Kristin Scott Thomas adds sizzle to the 1988 movie version as Brenda.

Tony and Brenda Last have been married for seven years and although they don’t have a fiery passionate relationship they have settled into a predictable, comfortable one. They live on the Last family country estate named Hetton Abbey, an ugly neo-gothic creation that would need to wait a few decades more before coming back into fashion. Tony is perfectly happy with the house, but Brenda is subtly, or maybe not so subtly, convincing him to make changes. Plans are made to slowly convert the interior to a more modern appearance and also add some much needed bathrooms to the house.

They have one son who is mostly just a source of annoyance to them. He is precocious and starved for attention, and is often shuffled off to the horse trainer or to the housekeeper to keep him from under the feet of his parents.

They are moderately rich, but feel pinched for money as most of it is being funneled back into Hetton Abbey. Entertainment, as most of us know when we hit a financial snag, is the first and easiest to cut back on. This does create childish resentments in Brenda towards Tony and towards the house, even though, she is the one that is insisting on the remodel. After all she doesn’t even like that ugly old house anyway.

Overall, though, despite the snag in their social life things are going rather well


John Beaver invites himself down to Hetton Abbey for the weekend. He is a social parasite who lives off the family associations. He was reasonably desperate for some one to sponge off or he would have never ventured out to the country to spend time with the Last family.

”Beaver was so seldom wholly welcome anywhere that he was not sensitive to the slight constraint of his reception.”

He is oblivious, completely oblivious to any irritation his hosts might feel at his presence. He is relying on the unshakable, ancestral sense of decorum that people have for guests, even uninvited ones.

The ever so clever Evelyn Waugh.

Beaver is not a dashing figure nor is he all that charming. He is mostly just a young lad more boy than man. He is surprised at Brenda’s interest in him. She has been out of London society for a while and seems to have lost all her bearings for what she should find attractive in a man. Beaver really has nothing to offer except youth.

She ends up leasing a small apartment in London from Beaver’s rather disreputable real estate mogul mother. Brenda begins to instruct Beaver in an attempt to mold him into a more respectful version of a man she should be seen with. This starts to create some friction with young Beaver.

”You are one for making people learn things.”

Beaver goes along as she is paying for most of their expenses as they start appearing in society together.

Brenda tells Tony she is taking economic classes. Tony does the best he can to believe her.
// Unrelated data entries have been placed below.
(* Let $p>1$, $\alpha\in\mathbb{R}$. For each $T>0$ there exists exactly one positive solution $\psi$ of $$\psi'(t)=\psi^p(t)\ln^\alpha(\psi^2(t)+2),\qquad \lim_{t\to T}\psi(t)=+\infty.$$ Moreover, $$\psi(t)\sim\kappa_\alpha(T-t)^{-\frac1{p-1}}|\ln(T-t)|^{-\frac{\alpha}{p-1}}\quad\text{as }t\to T,\qquad \kappa_\alpha=(p-1)^{-\frac1{p-1}}\left(\frac{p-1}2\right)^{\frac{\alpha}{p-1}}.$$ *)

From Stdlib Require Import Reals.
From Coquelicot Require Import Coquelicot.
Open Scope R_scope.

(* Right-hand side of the ODE:  f(s) = s^p * ln^alpha(s^2 + 2), for s > 0
   (real powers via Rpower; ln(s^2+2) >= ln 2 > 0). *)
Definition rhs (p alpha s : R) : R :=
  Rpower s p * Rpower (ln (s ^ 2 + 2)) alpha.

Definition blowup_solution (p alpha T : R) (psi : R -> R) : Prop :=
  (forall t, 0 < t < T -> 0 < psi t) /\
  (forall t, 0 < t < T -> is_derive psi t (rhs p alpha (psi t))) /\
  filterlim psi (at_left T) (Rbar_locally p_infty).

Definition kappa (p alpha : R) : R :=
  Rpower (p - 1) (- / (p - 1)) * Rpower ((p - 1) / 2) (alpha / (p - 1)).

Definition profile (p alpha T t : R) : R :=
  kappa p alpha * Rpower (T - t) (- / (p - 1))
    * Rpower (Rabs (ln (T - t))) (- alpha / (p - 1)).

(* Put g = 1/f, f the right-hand side, and G(s) = int_s^oo g. Since g(s) >= c/s near 0 and
   g is integrable at oo, G decreases from +oo to 0. Along a positive solution G(psi(t)) + t is
   constant, and blow-up at T forces G(psi(t)) = T - t: this determines psi, and conversely
   defines it.
   With l(s) = ln(s^2 + 2), F(s) = s^(1-p) l(s)^(-alpha) / (p-1) satisfies F' = -g (1 + r) with
   r = O(1/l) -> 0, hence G ~ F at oo. So F(psi(t)) ~ T - t, and taking logarithms gives
   l(psi(t)) ~ 2 |ln(T-t)| / (p-1); substituting both into psi / profile gives the limit 1. *)

From Stdlib Require Import Reals Lra Classical ClassicalEpsilon.
From Coquelicot Require Import Coquelicot.
Open Scope R_scope.

Lemma derive_nonneg_le (f df : R -> R) (a b : R) : a <= b ->
  (forall x, a <= x <= b -> is_derive f x (df x)) ->
  (forall x, a <= x <= b -> 0 <= df x) -> f a <= f b.
Proof.
  intros Hab Hd Hpos. destruct (Req_dec a b) as [<-|Hne]; [lra|].
  destruct (MVT_cor2 f df a b) as [c [Hc Hc']]; [lra| |].
  - intros c Hc. apply is_derive_Reals. auto.
  - assert (0 <= df c) by (apply Hpos; lra). nra.
Qed.
Lemma warped_le_rect_norm z w :
  warped_dist alpha t z w <= 2 * rect_norm (sval w - sval z).
Proof.
case: basis => _ k1_le k2_le E1_le E2_le; set x := sval w - sval z.
have [p c1E] := distZ_attained (coord1 x); have [r c2E] := distZ_attained (coord2 x).
set X := coord1 x - p%:~R; set Y := coord2 x - r%:~R.
(* Jump to the lattice point p v1 + r v2 nearest to (0, t x), where
   v_i = (k_i, t E_i); then (0, t x) - (p v1 + r v2) = X v1 + Y v2. *)
apply: le_trans (warped_dist_le alpha t_gt0 z w (p * k1 + r * k2)) _.
have jumpE : (p * k1 + r * k2)%:~R = - (X * k1%:~R + Y * k2%:~R) :> R.
  by rewrite /X /Y /coord1 /coord2 !(intrD, intrM, intrN); ring.
have restE : x - (p * k1 + r * k2)%:~R * alpha - (p * m1 + r * m2)%:~R =
    X * E1 + Y * E2.
  rewrite {1}(_ : x = det%:~R ^+ 2 * x); last by rewrite det_sqr mul1r.
  by rewrite /X /Y /coord1 /coord2 !(intrD, intrB, intrM, intrN); ring.
have jump_le : `|(p * k1 + r * k2)%:~R| <= `|X| * B1 + `|Y| * B2 :> R.
  by rewrite jumpE normrN norm_comb_le.
have rest_le : t * distZ (x - (p * k1 + r * k2)%:~R * alpha) <= `|X| * B1 + `|Y| * B2.
  apply: le_trans (_ : t * `|X * E1 + Y * E2| <= _).
    by rewrite ler_pM2l // -restE distZ_le.
  rewrite -[t]gtr0_norm // -normrM mulrDr mulrCA [t * (Y * _)]mulrCA.
  by apply: norm_comb_le; rewrite normrM gtr0_norm.
by rewrite /rect_norm c1E c2E -/X -/Y; lra.
Qed.

Lemma rect_norm_le_jump x (j : int) :
  rect_norm x <= 2 * K * (`|j%:~R| + t * distZ (x - j%:~R * alpha)).
Proof.
have [n ->] := distZ_attained (x - j%:~R * alpha).
have [B1E2 B2E1 B1k2 B2k1] := area_bounds.
have le1 := ler_wpM2l (ltW B1_gt0) (distZ_intM_le alpha k2 m2 j n x).
have le2 := ler_wpM2l (ltW B2_gt0) (distZ_intM_le alpha k1 m1 j n x).
have p1 := ler_wpM2l (normr_ge0 (j%:~R : R)) B1E2.
have p2 := ler_wpM2l (normr_ge0 (j%:~R : R)) B2E1.
have p3 := ler_wpM2r (normr_ge0 (x - j%:~R * alpha - n%:~R)) B1k2.
have p4 := ler_wpM2r (normr_ge0 (x - j%:~R * alpha - n%:~R)) B2k1.
rewrite !mulrDr in le1 le2.
by rewrite /rect_norm distZ_coord1 distZ_coord2; lra.
Qed.

Definition rect_dist z w : R := rect_norm (sval z - sval w) / (2 * K).

Lemma rect_dist_admissible : warp_admissible alpha t rect_dist.
Proof.
have K2_gt0 : 0 < 2 * K by rewrite mulr_gt0 // K_gt0.
have le_div x c : rect_norm x <= 2 * K * c -> rect_norm x / (2 * K) <= c.
  by rewrite ler_pdivrMr // mulrC.
have rot_le (j : int) z : rect_norm (sval z - sval (rot alpha j z)) <= 2 * K * `|j%:~R|.
  by rewrite -rect_normN opprB (le_trans (rect_norm_le_jump _ j)) // distZ_rot mulr0 addr0.
split; [split; [|split; [|split]]|split].
- by move=> z; rewrite /rect_dist subrr rect_norm0 mul0r.
- by move=> z w zw; rewrite divr_gt0 ?rect_norm_gt0.
- by move=> z w; rewrite /rect_dist -rect_normN opprB.
- move=> z w u; rewrite /rect_dist -mulrDl ler_pM2r ?invr_gt0 //.
  by rewrite (_ : _ - _ = (sval z - sval w) + (sval w - sval u)) ?rect_normD_le //; ring.
- move=> z w; apply: le_div; rewrite d1E.
  by have := rect_norm_le_jump (sval z - sval w) 0; rewrite normr0 add0r mul0r subr0.
- move=> z; split; apply: le_div; [have := rot_le 1 z | have := rot_le (-1) z].
    by rewrite mulr1z normr1.
  by rewrite mulrN1z normrN normr1.
Qed.

Lemma rect_norm_le_warped z w :
  rect_norm (sval z - sval w) <= 2 * K * warped_dist alpha t z w.
Proof.
have K2_gt0 : 0 < 2 * K by rewrite mulr_gt0 // K_gt0.
rewrite mulrC -ler_pdivrMr //; exact: admissible_le_warped_dist rect_dist_admissible.
Qed.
Beaver as far as society is concerned is just a family friend. It is so nice of him to escort her around town. The rest...well...that is all hush hush.

”That’s always the trouble with people when they start walking out. They either think no one knows, or everybody.”

It has been way too long since I’ve read Evelyn Waugh. This may be one of his bleakest novels, but also the one most rife with wonderful biting sarcasm that exposes the self-absorption of the English upper class and the disregard they have for any retributions for their actions. When tragedy strikes the Last family the understated, cold reactions of both Tony and Brenda are so selfish it reveals their truest nature. I felt sorry for Tony for most of the novel because the decisions that Brenda was making were so destructive and based on such an absurd set of reasoning that it all just seemed so unfair. My feelings for Tony changed and by the end it felt like each got what they deserved. Both are so naive and though raised in this upper crust, seemingly conservative society, they seem to know very little about how to conduct themselves in such a rigid system of socially judgmental families.

A Handful of Dust

A bleak story, filled with a flurry of witty daggers that I’m sure stuck between the ribs of many a reader in 1930s Britain, but at the same time the book is laugh out loud funny. The plot is a series of absurd situations in which the Lasts and their friends ignore the most sensible course and sail into the rocky reef completely oblivious to the fact that they will most likely lose the ship.

Certainly Waugh was pointing a few fingers and wagging his eyebrows at the upper classes. This is a superb balancing act of black humor and social commentary writing that is not only difficult to do well, but also entirely entertaining in the hands of Evelyn Waugh.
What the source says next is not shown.